The point therefore to me is not to create an artificially sterile and impossible Sacredness of the Secular World but rather to transform the Secular World to such a degree that all the really important things become Sacred (again) as it was actually always meant to be.

Now all of that being said I am not taking issue with the idea that Jesus would have been ashamed to do evil or to harm others. As a matter of fact it embarrassed him so much he refused to sin and to harm others.

Then again neither did he fear or feel shamed by or embarrassed by, nor did he retire from the Secular world. Instead he penetrated deep into it and fight there. The Secular world was his battlefield. The secular world was exactly where he thought the battle for the Kingdom of God ought to be really fought, and he thought if he could win there then the Kingdom of God was bound to triumph.

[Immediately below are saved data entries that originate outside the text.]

(* Let $X$ be a continuous vector field on $\mathbb{S}^1$ with support function $\phi_X$, and let $\eta\in\mathbb{D}^2$. Then $\mathcal{E}_X^-$ (resp. $\mathcal{E}_X^+$) is continuous at $\eta$ if and only if $\Sigma^-(\eta)$ (resp. $\Sigma^+(\eta)$) consists of a single point, i.e. there is a unique support plane of $\mathrm{epi}^+(\phi_X^-)$ at $(\eta,\phi_X^-(\eta))$ (resp. of $\mathrm{epi}^-(\phi_X^+)$ at $(\eta,\phi_X^+(\eta))$).
   Context: $\mathbb{R}^{1,2}$ is $\mathbb{R}^3$ with $\langle x,y\rangle=-x_0y_0+x_1y_1+x_2y_2$; $\Pi(x_0,x_1,x_2)=(x_1/x_0,x_2/x_0)$; $\mathbb{D}^2$ is the open unit disk with boundary $\mathbb{S}^1$. Minkowski cross product: $\langle x\boxtimes y,v\rangle=\det(x,y,v)$. A vector field $X$ on $\mathbb{S}^1$ is $X(z)=iz\phi_X(z)$. $\phi_X^-(\eta)=\sup\{a(\eta):a\text{ affine},a|_{\mathbb{S}^1}\le\phi_X\}$, $\phi_X^+(\eta)=\inf\{a(\eta):a\text{ affine},a|_{\mathbb{S}^1}\ge\phi_X\}$; $\mathrm{epi}^+(\phi_X^-)=\{(\eta,t):t\ge\phi_X^-(\eta)\}$, $\mathrm{epi}^-(\phi_X^+)=\{(\eta,t):t\le\phi_X^+(\eta)\}$. Support planes at points over $\mathbb{D}^2$ are the planes $t=\langle(1,\xi),\sigma\rangle$ with $\sigma\in\Sigma^\pm(\eta)$, where $\Sigma^-(\eta)$ is the set of $\sigma\in\mathbb{R}^{1,2}$ with $\langle(1,\xi),\sigma\rangle\le\phi_X^-(\xi)$ for all $\xi\in\mathbb{D}^2$ and equality at $\xi=\eta$, and $\Sigma^+(\eta)$ likewise with $\ge\phi_X^+$; each is a point or a compact segment. $\mathcal{E}_X^\pm(\eta)=\mathrm{d}_{(1,\eta)}\Pi((1,\eta)\boxtimes\sigma^\pm(\eta))$ with $\sigma^\pm(\eta)$ the point or midpoint of $\Sigma^\pm(\eta)$. *)

From HB Require Import structures.
From mathcomp Require Import all_boot all_order all_algebra.
From mathcomp Require Import all_classical all_reals topology normedtype.
Set Implicit Arguments. Unset Strict Implicit. Unset Printing Implicit Defensive.
Import Order.TTheory GRing.Theory Num.Theory.
Import numFieldNormedType.Exports.
Local Open Scope ring_scope.
Local Open Scope classical_set_scope.
Definition spans (H : set V) : Prop :=
  forall x : V, exists (s : seq V) (c : V -> K),
    (forall v, v \in s -> H v) /\ x = \sum_(v <- s) c v *: v.

Definition hamel_basis (H : set V) : Prop := lin_indep H /\ spans H.

Definition infinite_dimensional : Prop :=
  ~ (exists S : set V, finite_set S /\ spans S).
End Hamel.

From HB Require Import structures.
From mathcomp Require Import all_boot all_order all_algebra.
From mathcomp Require Import all_classical all_reals all_analysis.
From mathcomp Require Import complex.
From mathcomp Require Import lra.
Set Implicit Arguments. Unset Strict Implicit. Unset Printing Implicit Defensive.
Import Order.TTheory GRing.Theory Num.Theory.
Local Open Scope classical_set_scope.

(* Let S be a countable dense set of scalars (rationals, resp. Gaussian
   rationals) and H a Hamel basis, necessarily infinite.  Finite S-linear
   combinations of H are dense in X, since each coefficient of the expansion
   of a point can be approximated separately.  Translating a countable local
   base at 0 by these combinations gives a base of X: if U - U lies in W - x,
   choose a combination s with x - s in U, then x is in s + U, inside W.  This
   base has at most |seq (S * H)| * aleph_0 = |H| elements, because
   |H * H| = |H| for infinite H, by the classical Zorn argument on injections
   D * D -> D with D a subset of H. *)

(* [(A #<= B)%card] with a plain function as witness, which composes freely. *)
Definition injects T U (A : set T) (B : set U) :=
  exists f : T -> U, (forall x, A x -> B (f x)) /\
    (forall x y, A x -> A y -> f x = f y -> x = y).

Lemma injects_subset T (A B : set T) : A `<=` B -> injects A B.
Proof. by move=> AB; exists id; split => // x /AB. Qed.

Lemma injects_refl T (A : set T) : injects A A.
Proof. exact: injects_subset. Qed.

Lemma injects_trans T U V (A : set T) (B : set U) (C : set V) :
  injects A B -> injects B C -> injects A C.
Proof.
move=> [f [fAB f_inj]] [g [gBC g_inj]]; exists (g \o f); split.
  by move=> x /fAB /gBC.
by move=> x y Ax Ay /g_inj /f_inj; apply => //; apply: fAB.
Qed.

Lemma injects_setX T T' U U' (A : set T) (A' : set T') (B : set U)
    (B' : set U') :
  injects A B -> injects A' B' -> injects (A `*` A') (B `*` B').
Proof.
move=> [f [fAB f_inj]] [g [gAB g_inj]]; exists (fun p => (f p.1, g p.2)).
split=> [p [/fAB ? /gAB ?]//|[x x'] [y y'] [/= Ax Ax'] [/= Ay Ay'] [e e']].
by rewrite (f_inj x y) // (g_inj x' y').
Qed.

Lemma injects_image T U (f : T -> U) (A : set T) (a0 : T) :
  injects (f @` A) A.
Proof.
have /choice[g gP] : forall y, exists x, (f @` A) y -> A x /\ f x = y.
  move=> y; have [[x Ax fx]|ny] := pselect ((f @` A) y); first by exists x.
  by exists a0.
exists g; split=> [y /gP[]//|y y' /gP[_ e] /gP[_ e'] gyy'].
by rewrite -e -e' gyy'.
Qed.

Lemma injects_card_le T U (A : set T) (B : set U) :
  injects A B -> (A #<= B)%card.
Proof.
elim/Ppointed: U => U in B *.
  move=> [f [fAB _]].
  have -> : A = set0 by apply/seteqP; split => // x /fAB _; exact: (no (f x)).
  exact: card_ge0.
move=> [f [fAB f_inj]]; apply/pcard_leP/injfunPex; exists f => [x /fAB //|].
by move=> x y /set_mem Ax /set_mem Ay; apply: f_inj.
Qed.

Lemma card_le_injects T U (A : set T) (B : set U) (a0 : T) :
  A a0 -> (A #<= B)%card -> injects A B.
Proof.
move=> Aa0 /card_leP[F].
pose g (x : T) : U := match pselect (A x) with
  | left Ax => val (F (SigSub (mem_set Ax)))
  | right _ => val (F (SigSub (mem_set Aa0))) end.
exists g; split => [x Ax|x y Ax Ay]; rewrite /g.
  by case: pselect => // Ax'; exact: set_mem (valP (F _)).
case: pselect => // Ax'; case: pselect => // Ay' /val_inj /(@inj _ _ _ F).
by move=> /(_ (in_setT _) (in_setT _)) /(congr1 val).
Qed.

After all you don’t reconquering territory you already possess. You seek to conquer what you don’t yet control. So Jesus fought here, and the secular world was his battlefield.

And if you ask me he was sure as hell right.

You win here and Hell itself has no where else to retreat. In a very real way the Secular World is Hell’s last battlefield.

And how do you win here?

You infiltrate. Like Jesus did.

Jesus was a master infiltrator. And he was God-awful good at it.

To the world there are always frontlines and rearlines and battlefronts and homefronts. And this frontier and that line of demarcation and on and on it goes.

To the real infiltrator there is no such line, and there are no such divisions. And there never has been and never will be.

Jesus was the master of Godly Espionage. He knew exactly how to do it.

We could learn a helluvah lot from Jesus about how you really do this, and how you really kill Hell.

You do it from the inside out. You do it by going to the heart of Mordor and killing Sauron where he lives.

Everything else is just sit around and wait for a world that will never come.”